To solve the expression [tex]\( a^2 - 5b \)[/tex], follow these steps:
1. Identify Variables: Recognize that [tex]\( a \)[/tex] and [tex]\( b \)[/tex] are variables.
2. Understand the Expression: The given expression is in the form of:
[tex]\[
a^2 - 5b
\][/tex]
Here, [tex]\( a \)[/tex] is squared, which means [tex]\( a \)[/tex] is multiplied by itself (i.e., [tex]\( a \times a \)[/tex]). The term [tex]\( 5b \)[/tex] means that [tex]\( b \)[/tex] is multiplied by 5.

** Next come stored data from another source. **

Definition eps (v : superT E0 E1) : (E0 * E1)%type := v fset0.
(* E (resp. E_0) as the subspace of elements supported on theta_emptyset *)
Definition embE (e : (E0 * E1)%type) : superT E0 E1 :=
  fun I => if I == fset0 then e else 0.
Definition emb0 (e : E0) : superT E0 E1 := embE (e, 0).

End Grassmann.

(* Bertram--Gloeckner--Neeb differential calculus over the topological ring  *)
(* R, for maps into a fixed topological R-module Y, on domains X given with  *)
(* their addition and scalar multiplication.                                 *)

Section BGN.
Variables (R : topComUnitRingType) (Y : topLmodType R).

Definition bgn_U1 (X : Type) (addX : X -> X -> X) (scX : R -> X -> X)
  (U : set X) : set (X * X * R)%type :=
  [set p | U p.1.1 /\ U (addX p.1.1 (scX p.2 p.1.2))].

Definition bgn_C1_witness (X : topologicalType) (addX : X -> X -> X)
  (scX : R -> X -> X) (U : set X) (g : X -> Y) (g1 : (X * X * R)%type -> Y) :=
  {within bgn_U1 addX scX U, continuous g1} /\
  forall (x v : X) (t : R), U x -> U (addX x (scX t v)) ->
    g (addX x (scX t v)) - g x = t *: g1 (x, v, t).

Fixpoint bgn_C (k : nat) (X : topologicalType) (addX : X -> X -> X)
  (scX : R -> X -> X) (U : set X) (g : X -> Y) {struct k} : Prop :=
  match k with
  | 0 => {within U, continuous g}
  | k'.+1 => {within U, continuous g} /\
      exists g1 : (X * X * R)%type -> Y,
        bgn_C1_witness addX scX U g g1 /\
        @bgn_C k' ((X * X * R)%type : topologicalType)
          (fun p q => (addX p.1.1 q.1.1, addX p.1.2 q.1.2, p.2 + q.2))
          (fun r p => (scX r p.1.1, scX r p.1.2, r * p.2))
          (bgn_U1 addX scX U) g1
  end.

Variable X : topLmodType R.

Definition bgn_smooth (U : set X) (g : X -> Y) : Prop :=
  open U /\ forall k, bgn_C k +%R *:%R U g.

(* dg(x)(v) = g^[1](x, v, 0) (independent of the choice of g^[1] when the   *)
(* units of R are dense and Y is Hausdorff) *)
Definition bgn_d (U : set X) (g : X -> Y) (x v : X) : Y :=
  match pselect (exists g1, bgn_C1_witness +%R *:%R U g g1) with
  | left H => (projT1 (cid H)) (x, v, 0)
  | right _ => 0
  end.

Fixpoint bgn_dk (U : set X) (g : X -> Y) (k : nat) : X -> ('I_k -> X) -> Y :=
  match k with
  | 0 => fun x _ => g x
  | k'.+1 => fun x (w : 'I_k'.+1 -> X) =>
      bgn_d U (fun z => @bgn_dk U g k' z (fun i : 'I_k' => w (widen_ord (leqnSn k') i)))
            x (w ord_max)
  end.

End BGN.

Section Smooth.
Variables (R : topComUnitRingType) (E0 E1 F0 F1 : topLmodType R).
Local Notation ET := (superT E0 E1).
Local Notation FT := (superT F0 F1).

Definition dewitt_open (U : set ET) : Prop :=
  exists V : set E0, open V /\ forall x, U x <-> (Einf x /\ V (eps x).1).

Definition dewitt_continuous (U : set ET) (f : ET -> FT) : Prop :=
  forall W : set F0, open W ->
    exists V : set E0, open V /\
      forall x, U x -> (W (eps (f x)).1 <-> V (eps x).1).

Definition dewitt_continuous_k (k : nat) (U : set ET)
  (g : ET -> ('I_k -> ET) -> FT) : Prop :=
  forall W : set (F0 * F1)%type, open W ->
    exists V : set (E0 * {ptws 'I_k -> (E0 * E1)%type})%type, open V /\
      forall x (v : 'I_k -> ET), U x -> (forall i, Elam (v i)) ->
        (W (eps (g x v)) <-> V ((eps x).1, (fun i => eps (v i)))).

Definition upd (T : Type) (k : nat) (v : 'I_k -> T) (i : 'I_k) (w : T) :=
  fun j : 'I_k => if j == i then w else v j.

Definition cons_arg (T : Type) (k : nat) (a : T) (v : 'I_k -> T) : 'I_k.+1 -> T :=
  fun j => if unlift ord0 j is Some j' then v j' else a.

Definition lam_multilinear_even (k : nat) (h : ('I_k -> ET) -> FT) : Prop :=
  [/\
      (forall (v : 'I_k -> ET) (d : 'I_k -> bool),
         (forall i, Elam (v i) /\ shom (d i) (v i)) ->
         shom (odd (\sum_i d i)) (h v)),
      (forall (v : 'I_k -> ET) (i : 'I_k) u w, (forall j, Elam (v j)) -> Elam u -> Elam w ->
         h (upd v i (u + w)) = h (upd v i u) + h (upd v i w)),
      (forall (v : 'I_k -> ET) (i : 'I_k) (a : lam R) (da : bool) (d : 'I_k -> bool),
         (forall j, Elam (v j)) -> fin_supp a -> lhom da a ->
         (forall j : 'I_k, (i < j)%N -> shom (d j) (v j)) ->
         h (upd v i (ract (v i) a)) =
         (-1) ^+ (da * \sum_(j : 'I_k | (i < j)%N) d j)%N *: ract (h v) a),
      (forall (v : 'I_k -> ET) (i j : 'I_k) (du dv : bool),
         nat_of_ord j = i.+1 -> (forall l, Elam (v l)) ->
         shom du (v i) -> shom dv (v j) ->
         h (upd (upd v i (v j)) j (v i)) = (-1) ^+ (du && dv) *: h v) &
      (forall e : 'I_k -> (E0 * E1)%type, forall I, I != fset0 ->
         h (fun i => embE (e i)) I = 0)].

Definition grounded (U : set ET) (f : ET -> FT) : Prop :=
  forall x0 : E0, U (emb0 E1 x0) -> exists y0 : F0, f (emb0 E1 x0) = emb0 F1 y0.

Definition U_R (U : set ET) : set E0 := [set x0 | U (emb0 E1 x0)].
Definition f_R (f : ET -> FT) (x0 : E0) : F0 := (eps (f (emb0 E1 x0))).1.

Definition lam_smooth (U : set ET) (f : ET -> FT)
  (fk : forall k : nat, ET -> ('I_k -> ET) -> FT) : Prop :=
  [/\ (forall x, U x -> Einf (f x)),
      dewitt_continuous U f &
      bgn_smooth (U_R U) (f_R f)] /\
  [/\
      (forall x (v : 'I_0 -> ET), U x -> fk 0 x v = f x),
      (forall k, (0 < k)%N ->
         [/\ (forall x (v : 'I_k -> ET), U x -> (forall i, Elam (v i)) ->
                Elam (fk k x v)),
             dewitt_continuous_k U (fk k) &
             forall x, U x -> lam_multilinear_even (fk k x)]),
      (forall k, (0 < k)%N -> forall (x0 : E0) (w : 'I_k -> E0), U_R U x0 ->
         fk k (emb0 E1 x0) (fun i => emb0 E1 (w i)) =
         emb0 F1 (bgn_dk (U_R U) (f_R f) x0 w)) &
      (forall k (p : nat) x a (v : 'I_k -> ET), U x -> Etheta p a ->
         (forall i, Einf (v i)) ->
         fk k.+1 x (cons_arg a v) = fk k (x + a) v - fk k x v)].

End Smooth.

From HB Require Import structures.
From mathcomp Require Import all_boot all_order all_algebra finmap.
From mathcomp Require Import all_classical topology function_spaces.
From mathcomp Require Import zify.
Set Implicit Arguments. Unset Strict Implicit. Unset Printing Implicit Defensive.
Import GRing.Theory.
Local Open Scope classical_set_scope.
Local Open Scope ring_scope.

(* Induction on the number of odd generators that occur in [y].  Write
   [y = y' + a] with [a] divisible by the last generator [theta_n].  Property
   (iii) gives [f^(k)(x + a) = f^(k)(x) + f^(k+1)(x)(a, -)], and since
   [theta_n^2 = 0], multilinearity and supersymmetry give
   [f^(k+1)(x)(y' + a, ...) = f^(k+1)(x)(y', ...) + (k+1) f^(k+1)(x)(a, y', ...)].
   The induction hypothesis at [x] and at [x + a] then yields the expansion at
   [y] after shifting the summation index. *)

Lemma mem_fsubsets (s : seq nat) (J : {fset nat}) x :
  J \in fsubsets s -> x \in J -> x \in s.
Proof.
elim: s J => [|k s IH] J /=; first by rewrite inE => /eqP ->; rewrite in_fset0.
rewrite mem_cat in_cons => /orP [/IH xs /xs -> | /mapP [J' /IH xs ->]].
  by rewrite orbT.
by rewrite in_fsetU in_fset1 => /orP [-> // | /xs ->]; rewrite orbT.
Qed.

Lemma count_fset0_fsubsets (s : seq nat) :
  count (fun J => J == fset0) (fsubsets s) = 1%N.
Proof.
elim: s => [|k s IH] //=; rewrite count_cat IH count_map.
rewrite (@eq_count _ _ pred0) ?count_pred0 // => J /=.
by apply/negP => /eqP /fsetP /(_ k); rewrite !inE eqxx.
Qed.

Lemma count_fset1_fsubsets (s : seq nat) p : uniq s ->
  count (fun J => J == fset1 p) (fsubsets s) = (p \in s).
Proof.
elim: s => [_ | k s IH /andP [ks us]] /=.
  by rewrite addn0; case: eqP => // /fsetP /(_ p); rewrite !inE eqxx.
rewrite count_cat IH // count_map in_cons.
have [->|pk] := eqVneq p k; last first.
  rewrite (@eq_count _ _ pred0) ?count_pred0 ?addn0 // => J /=.
  by apply/negP => /eqP /fsetP /(_ k); rewrite !inE eqxx eq_sym (negbTE pk).
rewrite (negbTE ks) add0n /= -(count_fset0_fsubsets s).
apply: eq_in_count => J HJ /=; apply/eqP/eqP => [/fsetP JE | ->]; last by rewrite fsetU0.
apply/fsetP => x; rewrite inE; apply/negbTE/negP => xJ.
have := JE x; rewrite !inE xJ orbT => /esym /eqP xk.
by move: ks; rewrite -xk (mem_fsubsets HJ xJ).
Qed.

Section Theta.
Variable R : topComUnitRingType.

Definition theta (p : nat) : lam R := fun J => if J == fset1 p then 1 else 0.

Lemma fin_supp_theta p : fin_supp (theta p).
Proof.
exists p.+1 => I; rewrite /theta; case: eqP => [->|//].
by move=> /allPn [x]; rewrite in_fset1 => /eqP ->; rewrite ltnSn.
Qed.

Lemma lhom_theta p : lhom true (theta p).
Proof. by move=> I; rewrite /theta; case: (I =P fset1 p) => [->|//]; rewrite cardfs1.
Qed.

Variables G0 G1 : topLmodType R.

Lemma ract_theta (v : superT G0 G1) p K :
  ract v (theta p) K =
  if p \in K then gsign R (K `\ p)%fset (fset1 p) *: v (K `\ p)%fset else 0.
Proof.
rewrite /ract (eq_bigr (fun J => if J == fset1 p then
    gsign R (K `\ p)%fset (fset1 p) *: v (K `\ p)%fset else 0)); last first.
  by move=> J _; rewrite /theta; case: eqP => [->|_]; rewrite ?mulr1 ?mulr0 ?scale0r.
rewrite -big_mkcond big_const_seq count_fset1_fsubsets ?fset_uniq //.
by case: (p \in K); rewrite /= ?addr0.
Qed.

Lemma ract_theta_theta (v : superT G0 G1) p :
  ract (ract v (theta p)) (theta p) = 0.
Proof.
by apply/funext => K; rewrite ract_theta; case: ifP; rewrite // ract_theta fsetD11 scaler0.
Qed.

3. Simplify the Expression: The expression [tex]\( a^2 \)[/tex] remains as it is, indicating the square of [tex]\( a \)[/tex]. The term [tex]\( -5b \)[/tex] indicates that [tex]\( 5b \)[/tex] is subtracted from [tex]\( a^2 \)[/tex].
4. Result: The simplified form of the expression is:
[tex]\[
a^2 - 5b
\][/tex]
So, the simplified form of the given expression is [tex]\( a^2 - 5b \)[/tex]. This conclusion is drawn based on understanding the individual components and their operations in the expression.